Duckdb Wikidata Compression
Compressing Wikidata Using DuckDB
Wikidata publishes a 40GB blob called latest-truthy.nt.bz2 every two days. This is the largest publicly available human knowledge base as a graph. For someone interested in following changes to this graph, we present a way to consume 8x less network bandwidth.
The file contains “statements” known to be true. Let’s examine the first node in the dump: Q31 (Belgium).

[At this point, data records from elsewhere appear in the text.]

(* Let $M$ be a combinational Boolean circuit with set of internal variables $X$, set of input variables $V$ and set of output variables $W$, and let $F(X,V,W)$ be a CNF formula specifying $M$. Let $B(W)$ be a clause over variables of $W$, let $C \in F$ be a clause, and let $H(V)$ be a CNF formula over variables of $V$ such that $$\exists X\,\exists W\,[F \wedge B] \;\equiv\; H \wedge \exists X\,\exists W\,[(F \setminus \{C\}) \wedge B].$$ Let $Q(V)$ be a clause of $H$. Then for every full assignment $\mathbf{v}$ to $V$ that falsifies $Q$, the output assignment $\mathbf{w}$ produced by $M$ on input $\mathbf{v}$ falsifies the clause $B$.
   Context: A CNF formula is identified with the set of its clauses, so $F\setminus\{C\}$ is $F$ with clause $C$ removed. $F$ specifies $M$ means $F = F_{G_1}\wedge\dots\wedge F_{G_k}$, where $G_1,\dots,G_k$ are the gates of $M$ and $F_{G_i}$ is the standard (Tseitin) CNF encoding of gate $G_i$, so that the assignments to $X\cup V\cup W$ satisfying $F$ are exactly the consistent assignments to all gates of $M$, i.e., exactly the execution traces $(\mathbf{x},\mathbf{v},\mathbf{w})$ of $M$ (for each input $\mathbf{v}$ there is exactly one such trace). Two formulas possibly containing existential quantifiers are equivalent ($\equiv$) if they evaluate to the same value under every full assignment to their free variables. *)

From mathcomp Require Import all_boot.
Set Implicit Arguments. Unset Strict Implicit. Unset Printing Implicit Defensive.

Definition var := nat.
Definition assignment := var -> bool.

(** A literal (x, b) is satisfied by [a] iff [a x = b]: (x,true) is x, (x,false) is ~x. *)
Definition literal := (var * bool)%type.
Definition clause := seq literal.
(** A CNF formula, identified with the set of its clauses. *)
Definition cnf := seq clause.

Definition lit_sat (a : assignment) (l : literal) : bool := a l.1 == l.2.
Definition clause_sat (a : assignment) (C : clause) : bool := has (lit_sat a) C.
Definition cnf_sat (a : assignment) (F : cnf) : bool := all (clause_sat a) F.

Definition clause_vars (C : clause) : seq var := map fst C.
Definition cnf_vars (F : cnf) : seq var := flatten (map clause_vars F).

Definition cnf_remove (F : cnf) (C : clause) : cnf := filter (predC1 C) F.

(** [exists Y, phi] evaluated at the full assignment [a]: some assignment
    agreeing with [a] outside Y satisfies phi. *)
Definition ex_sat (Y : seq var) (phi : cnf) (a : assignment) : Prop :=
  exists a' : assignment, (forall x, x \notin Y -> a' x = a x) /\ cnf_sat a' phi.

Record gate := Gate { g_out : var; g_ins : seq var; g_fun : seq bool -> bool }.

Definition gate_consistent (a : assignment) (G : gate) : bool :=
  a (g_out G) == g_fun G (map a (g_ins G)).

(** A combinational circuit: internal vars X, inputs V, outputs W, and gates
    listed in topological order. *)
Record circuit := Circuit {
  c_X : seq var; c_V : seq var; c_W : seq var; c_gates : seq gate }.

Definition gate_outs (M : circuit) : seq var := map g_out (c_gates M).

Definition circuit_wf (M : circuit) : Prop :=
  [/\ uniq (gate_outs M),
      (forall x, x \in gate_outs M = (x \in c_X M) || (x \in c_W M)),
      (forall x, x \in c_V M -> (x \notin c_X M) && (x \notin c_W M)),
      (forall x, x \in c_X M -> x \notin c_W M) &
      (forall i, i < size (c_gates M) ->
        forall y, y \in g_ins (nth (Gate 0 [::] (fun _ => false)) (c_gates M) i) ->
          (y \in c_V M) || (y \in take i (gate_outs M)))].

(** Simulation of the circuit: evaluate gates in order, starting from
    the assignment [v] (whose values on V are the inputs). *)
Definition update (a : assignment) (x : var) (b : bool) : assignment :=
  fun y => if y == x then b else a y.

Definition eval_gate (a : assignment) (G : gate) : assignment :=
  update a (g_out G) (g_fun G (map a (g_ins G))).

(** The execution trace (x, v, w) of M on input v (values on X, V, W). *)
Definition run (M : circuit) (v : assignment) : assignment :=
  foldl eval_gate v (c_gates M).

Definition encodes_gate (G : gate) (FG : cnf) : Prop :=
  {subset cnf_vars FG <= g_out G :: g_ins G} /\
  (forall a : assignment, cnf_sat a FG = gate_consistent a G).

Definition specifies (F : cnf) (M : circuit) : Prop :=
  exists FGs : seq cnf,
    size FGs = size (c_gates M) /\
    (forall i, i < size FGs -> encodes_gate (nth (Gate 0 [::] (fun _ => false)) (c_gates M) i)
                                            (nth [::] FGs i)) /\
    F =i flatten FGs.

(* The execution trace of M on v satisfies every gate encoding, hence F. If it
   also satisfied B, it would witness the left-hand side of the equivalence at
   itself, so it would satisfy H. As H only mentions inputs, on which the trace
   agrees with v, v would satisfy H and in particular Q. *)

From mathcomp Require Import all_boot.

Set Implicit Arguments.
Unset Strict Implicit.

Local Notation gate0 := (Gate 0 [::] (fun _ => false)).

Lemma clause_sat_eq_on (a b : assignment) (Q : clause) :
  {in clause_vars Q, a =1 b} -> clause_sat a Q = clause_sat b Q.
Proof.
move=> ab; apply: eq_in_has => l lQ.
by rewrite /lit_sat ab //; apply: map_f.
Qed.

Lemma mem_cnf_vars (H : cnf) (Q : clause) :
  Q \in H -> {subset clause_vars Q <= cnf_vars H}.
Proof. by move=> QH x xQ; apply/flattenP; exists (clause_vars Q); rewrite ?map_f. Qed.

Lemma foldl_eval_gate_notin (gs : seq gate) (a : assignment) (x : var) :
  x \notin map g_out gs -> foldl eval_gate a gs x = a x.
Proof.
elim: gs a => [|g gs IH] a //=.
rewrite in_cons negb_or => /andP[xg xgs].
by rewrite IH // /eval_gate /update (negbTE xg).
Qed.

Lemma foldl_eval_gate_take (gs : seq gate) (a : assignment) (k : nat) (x : var) :
  x \notin map g_out (drop k gs) ->
  foldl eval_gate a gs x = foldl eval_gate a (take k gs) x.
Proof.
by move=> xk; rewrite -{1}(cat_take_drop k gs) foldl_cat foldl_eval_gate_notin.
Qed.

Section WellFormedCircuit.

Variable M : circuit.
Hypothesis wfM : circuit_wf M.

Lemma input_notin_gate_outs (x : var) : x \in c_V M -> x \notin gate_outs M.
Proof.
case: wfM => _ outs inputs _ _ xV.
by rewrite outs; case/andP: (inputs x xV) => /negbTE -> /negbTE ->.
Qed.

Lemma run_on_inputs (v : assignment) (x : var) : x \in c_V M -> run M v x = v x.
Proof. by move=> xV; rewrite /run foldl_eval_gate_notin ?input_notin_gate_outs. Qed.

Variable i : nat.
Hypothesis ltiM : i < size (c_gates M).
Local Notation G := (nth gate0 (c_gates M) i).

Lemma gate_outs_drop : drop i (gate_outs M) = g_out G :: drop i.+1 (gate_outs M).
Proof.
by rewrite (drop_nth (g_out gate0)) ?size_map // (nth_map gate0).
Qed.

Lemma gate_out_notin_later : g_out G \notin drop i.+1 (gate_outs M).
Proof.
case: wfM => uniq_outs _ _ _ _.
by move: (drop_uniq i uniq_outs); rewrite gate_outs_drop => /andP[].
Qed.

Lemma gate_in_notin_current (y : var) :
  y \in g_ins G -> y \notin drop i (gate_outs M).
Proof.
case: wfM => uniq_outs _ _ _ ins_earlier yG.
case/orP: (ins_earlier i ltiM y yG) => [yV | y_earlier].
  exact: contra (@mem_drop _ _ _ _) (input_notin_gate_outs yV).
move: uniq_outs; rewrite -{1}(cat_take_drop i (gate_outs M)) cat_uniq.
by case/and3P=> _ /hasPn/(_ y) disj _; exact: contraL disj y_earlier.
Qed.

(* The gate reads values fixed before step i and its output is never
   overwritten after step i. *)
Lemma run_gate_consistent (v : assignment) : gate_consistent (run M v) G.
Proof.
set before := foldl eval_gate v (take i (c_gates M)).
have out_val : run M v (g_out G) = g_fun G (map before (g_ins G)).
  rewrite /run (@foldl_eval_gate_take _ _ i.+1); last first.
    by rewrite map_drop; exact: gate_out_notin_later.
  by rewrite (take_nth gate0) // foldl_rcons /eval_gate /update eqxx.
rewrite /gate_consistent out_val; apply/eqP; congr (g_fun G _).
apply/eq_in_map => y yG.
by rewrite /run (@foldl_eval_gate_take _ _ i) // map_drop gate_in_notin_current.
Qed.

End WellFormedCircuit.

Lemma run_sat_spec (M : circuit) (F : cnf) (v : assignment) :
  circuit_wf M -> specifies F M -> cnf_sat (run M v) F.
Proof.
move=> wfM [FGs [sizeFGs [encFGs defF]]].
apply/allP => c; rewrite defF => /flattenP[FG FGin cFG].
have ltFG : index FG FGs < size FGs by rewrite index_mem.
case: (encFGs _ ltFG) => _ encFG.
have := @run_gate_consistent M wfM (index FG FGs).
rewrite -sizeFGs => /(_ ltFG v); rewrite -encFG nth_index // => /allP; apply.
exact: cFG.
Qed.

Theorem proposition3 (M : circuit) (F : cnf) (B : clause) (C : clause) (H : cnf)
  (Q : clause) :
  circuit_wf M ->
  specifies F M ->
  {subset clause_vars B <= c_W M} ->
  C \in F ->
  {subset cnf_vars H <= c_V M} ->
  (forall a : assignment,
     ex_sat (c_X M ++ c_W M) (B :: F) a <->
     cnf_sat a H /\ ex_sat (c_X M ++ c_W M) (B :: cnf_remove F C) a) ->
  Q \in H ->
  forall v : assignment, ~~ clause_sat v Q -> ~~ clause_sat (run M v) B.
Proof.
move=> wfM specF _ _ H_inputs equiv QH v; apply: contra => trace_B.
have trace_H : cnf_sat (run M v) H.
  apply: (proj1 ((equiv (run M v)).1 _)).
  by exists (run M v); split=> //=; rewrite trace_B run_sat_spec.
rewrite (@clause_sat_eq_on v (run M v)); first exact: (allP trace_H).
by move=> x /(mem_cnf_vars QH)/H_inputs xV; rewrite (run_on_inputs wfM).
Qed.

A statement can be a label of a node
1
Q31 P9100 Belgium # P9100 = "Github topic" for Q31. Label is Belgium.
or its relationship with other nodes.
1
Q31 P36 Q239 # Brussels is the capital of Belgium.
as you can guess, P36 is a “property”, specifically means the “capital of” and Q239 is the city of Brussels.
If you were to construct a graph from this data, you care only about rows of the form <Qxx Pxx Qxx>
. But wikidata doesn’t publish those subsets. To quantify the benefit I ran some experiments.
Experiment
Download the latest dump which is published every 2 days based on the filenames.
1
curl -L -O -C - https://dumps.wikimedia.org/wikidatawiki/entities/latest-truthy.nt.bz2
You can wrap this in a loop if you prefer the download to resume automatically.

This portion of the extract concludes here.